Is ROO the new ROI?
Nov 24, 2009by Tiffany Simms
We all know that measuring the performance of marketing initiatives has always been tough to pinpoint but, just when one gets the hang of how to quantify the industry standard, Return on Investment (ROI), along comes the concept of ROO, or Return on Objective. The good news is, the latter may be a lot easier to manage. According to a ThomasNet study on website management, site owners need to take a step back to see the broader picture of their website’s role in sales generation. In other words, are customers getting the information they need, where they need it, and when they need it?
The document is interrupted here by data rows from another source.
Lemma ballot_0 k : ballot k 0 = 1.
Proof.
  unfold ballot. rewrite Nat.mul_0_r, !Nat.add_0_r.
  rewrite Nat.add_1_r.
  change (fact (S k)) with (S k * fact k)%nat. rewrite mult_INR, S_INR.
  pose proof (INR_fact_neq_0 k). pose proof (pos_INR k).
  simpl. field. lra.
Qed.

Lemma ballot_0_S i : ballot 0 (S i) = ballot 1 i.
Proof.
  unfold ballot.
  replace (0 + 2 * S i)%nat with (S (S (2 * i))) by lia.
  replace (1 + 2 * i)%nat with (S (2 * i)) by lia.
  replace (0 + S i + 1)%nat with (S (S i)) by lia.
  replace (1 + i + 1)%nat with (S (S i)) by lia.
  change (fact (S (S (2 * i)))) with (S (S (2 * i)) * fact (S (2 * i)))%nat.
  change (fact (S i)) with (S i * fact i)%nat.
  rewrite !mult_INR, !S_INR, !mult_INR.
  pose proof (INR_fact_neq_0 (S (2 * i))). pose proof (INR_fact_neq_0 i).
  pose proof (INR_fact_neq_0 (S (S i))). pose proof (pos_INR i).
  simpl. field. repeat split; auto; lra.
Qed.

Lemma ballot_S_S k i : ballot (S k) (S i) = ballot k (S i) + ballot (S (S k)) i.
Proof.
  unfold ballot.
  replace (S k + 2 * S i)%nat with (S (k + 2 * i + 2)) by lia.
  replace (k + 2 * S i)%nat with (k + 2 * i + 2)%nat by lia.
  replace (S (S k) + 2 * i)%nat with (k + 2 * i + 2)%nat by lia.
  replace (S k + S i + 1)%nat with (S (k + i + 2)) by lia.
  replace (k + S i + 1)%nat with (k + i + 2)%nat by lia.
  replace (S (S k) + i + 1)%nat with (S (k + i + 2)) by lia.
  change (fact (S (k + 2 * i + 2))) with (S (k + 2 * i + 2) * fact (k + 2 * i + 2))%nat.
  change (fact (S i)) with (S i * fact i)%nat.
  change (fact (S (k + i + 2))) with (S (k + i + 2) * fact (k + i + 2))%nat.
  pose proof (INR_fact_neq_0 (k + 2 * i + 2)). pose proof (INR_fact_neq_0 i).
  pose proof (INR_fact_neq_0 (k + i + 2)). pose proof (pos_INR i). pose proof (pos_INR k).
  repeat rewrite ?S_INR, ?plus_INR, ?mult_INR. simpl (INR 0). simpl (INR 1).
  field. repeat split; auto; lra.
Qed.

(* [e = 1] gives [dnk] back, [e = -1] the signed coefficients of the identity. *)
Definition signed_dnk (e : R) (n k : nat) : R := e ^ ((n - k) / 2) * dnk n k.

Lemma signed_dnk_ballot e k i : signed_dnk e (k + 2 * i) k = e ^ i * ballot k i.
Proof.
  unfold signed_dnk. rewrite dnk_ballot.
  replace (k + 2 * i - k)%nat with (i * 2)%nat by lia. rewrite Nat.div_mul by lia.
  reflexivity.
Qed.

Lemma signed_dnk_off_parity e n k :
  (forall i, n <> (k + 2 * i)%nat) -> signed_dnk e n k = 0.
Proof. intros Hn. unfold signed_dnk. rewrite dnk_off_parity by exact Hn. ring. Qed.

Lemma signed_dnk_gt e n k : (n < k)%nat -> signed_dnk e n k = 0.
Proof. intros Hnk. apply signed_dnk_off_parity. intros i. lia. Qed.

Lemma signed_dnk_diag e n : signed_dnk e n n = 1.
Proof.
  rewrite <- (Nat.add_0_r n) at 1. change 0%nat with (2 * 0)%nat at 1.
  rewrite signed_dnk_ballot, ballot_0. ring.
Qed.

Lemma signed_dnk_0 e k : signed_dnk e 0 k = match k with O => 1 | S _ => 0 end.
Proof. destruct k; [apply signed_dnk_diag|apply signed_dnk_gt; lia]. Qed.

Lemma signed_dnk_S e n k :
  signed_dnk e (S n) k =
  match k with O => 0 | S k' => signed_dnk e n k' end + e * signed_dnk e n (S k).
Proof.
  destruct (parity_cases (S n) k) as [[[|i] Hi]|Hodd].
  - rewrite Nat.add_0_r in Hi. subst k.
    rewrite !signed_dnk_diag, (signed_dnk_gt e n (S (S n))) by lia. ring.
  - destruct k as [|k].
    + assert (En : n = (1 + 2 * i)%nat) by lia. rewrite Hi, En.
      rewrite (signed_dnk_ballot e 0 (S i)), (signed_dnk_ballot e 1 i), ballot_0_S.
      simpl. ring.
    + assert (En : n = (k + 2 * S i)%nat) by lia.
      assert (En' : n = (S (S k) + 2 * i)%nat) by lia.
      rewrite Hi, En at 1. rewrite En'.
      rewrite !signed_dnk_ballot, ballot_S_S. simpl. ring.
  - rewrite signed_dnk_off_parity by exact Hodd.
    rewrite (signed_dnk_off_parity e n (S k)) by (intros i Hi; apply (Hodd (S i)); lia).
    destruct k as [|k]; [ring|].
    rewrite signed_dnk_off_parity by (intros i Hi; apply (Hodd i); lia). ring.
Qed.

Lemma dnk_signed n k : dnk n k = signed_dnk 1 n k.
Proof. unfold signed_dnk. rewrite pow1. ring. Qed.

Lemma sum_f_R0_shift (f : nat -> R) N :
  sum_f_R0 (fun k => match k with O => 0 | S k' => f k' end) (S N) = sum_f_R0 f N.
Proof. induction N as [|N IH]; simpl in *; [ring|]. rewrite IH. reflexivity. Qed.

Lemma sum_f_R0_head (g : nat -> R) N : (forall k, g (S k) = 0) -> sum_f_R0 g N = g O.
Proof. intros Hg. induction N as [|N IH]; simpl; [reflexivity|]. rewrite IH, Hg. ring. Qed.

Lemma sum_f_R0_last_zero (g : nat -> R) N : g (S N) = 0 -> sum_f_R0 g (S N) = sum_f_R0 g N.
Proof. intros Hg. simpl. rewrite Hg. ring. Qed.

Lemma signed_dnk_prefix_sum n h N :
  (n <= N)%nat ->
  sum_f_R0 (fun k => signed_dnk (-1) n k * INR (schroeder_prefixes k h)) N =
  INR (dyck_prefixes n h).
Proof.
  revert h N; induction n as [|n IH]; intros h N HN.
  - rewrite sum_f_R0_head by (intros k; rewrite signed_dnk_0; ring).
    rewrite signed_dnk_0. simpl. ring.
  - destruct N as [|N]; [lia|].
    set (a := signed_dnk (-1) n).
    set (s := fun h k => INR (schroeder_prefixes k h)).
    assert (Hhi : forall k, (n < k)%nat -> a k = 0) by (intros k Hk; apply signed_dnk_gt, Hk).
    set (T := sum_f_R0 (fun k => a (S k) * s h k) N).
    assert (Hdown : sum_f_R0 (fun k => match k with O => 0 | S k' => a k' end * s h k) (S N) =
                    INR (dyck_prefixes n (S h)) +
                    match h with O => 0 | S h' => INR (dyck_prefixes n h') end + T).
    { rewrite (sum_eq _ (fun k => match k with O => 0 | S k' => a k' * s h (S k') end))
        by (intros [|k] _; simpl; ring).
      rewrite sum_f_R0_shift.
      rewrite (sum_eq _ (fun j => a j * s (S h) j +
                                  a j * match h with O => 0 | S h' => s h' j end +
                                  a j * match j with O => 0 | S j' => s h j' end))
        by (intros j _; unfold s; rewrite schroeder_prefixes_S, !plus_INR;
            destruct h, j; simpl; ring).
      rewrite !plus_sum. f_equal; [f_equal|].
      - apply IH. lia.
      - destruct h as [|h]; [|apply IH; lia].
        rewrite sum_f_R0_head; intros; ring.
      - unfold T. rewrite <- (sum_f_R0_shift (fun k => a (S k) * s h k)).
        rewrite sum_f_R0_last_zero by (simpl; rewrite Hhi by lia; ring).
        apply sum_eq. intros [|j] _; simpl; ring. }
    assert (Hup : sum_f_R0 (fun k => a (S k) * s h k) (S N) = T)
      by (apply sum_f_R0_last_zero; rewrite Hhi by lia; ring).
    rewrite (sum_eq _ (fun k => match k with O => 0 | S k' => a k' end * s h k -
                                a (S k) * s h k))
      by (intros k _; unfold a, s; rewrite signed_dnk_S; destruct k; ring).
    rewrite minus_sum, Hdown, Hup, dyck_prefixes_S, plus_INR.
    destruct h; simpl; ring.
Qed.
In Get Content, Get Customers by Joe Pulizzi and Newt Barrett, the authors subscribe to the belief that along with using ROI, ROO-centric measurements provide a more holistic view:
- Tracking conversions for everything published online and measuring new or increased sales
- Measuring [time spent] through online research or by using analytic measures on e-newsletters or web portal products
However, the conventional ways to measure ROI are still quite relevant:
- Number of Leads Generated
- Total Sales Revenue
- Incremental Sales Revenue from Existing Customers
- Cost Per Sales
- Conversion Rate
- Time to Conversion
Objective-based performance measurements allow decision makers to take a closer look at how customers gather the information they need and whether sales inquiries and transactions are produced. By focusing marketing efforts on both ROI and ROO, one can easily manage how the flow of that information to customers produces tangible results—sales revenue.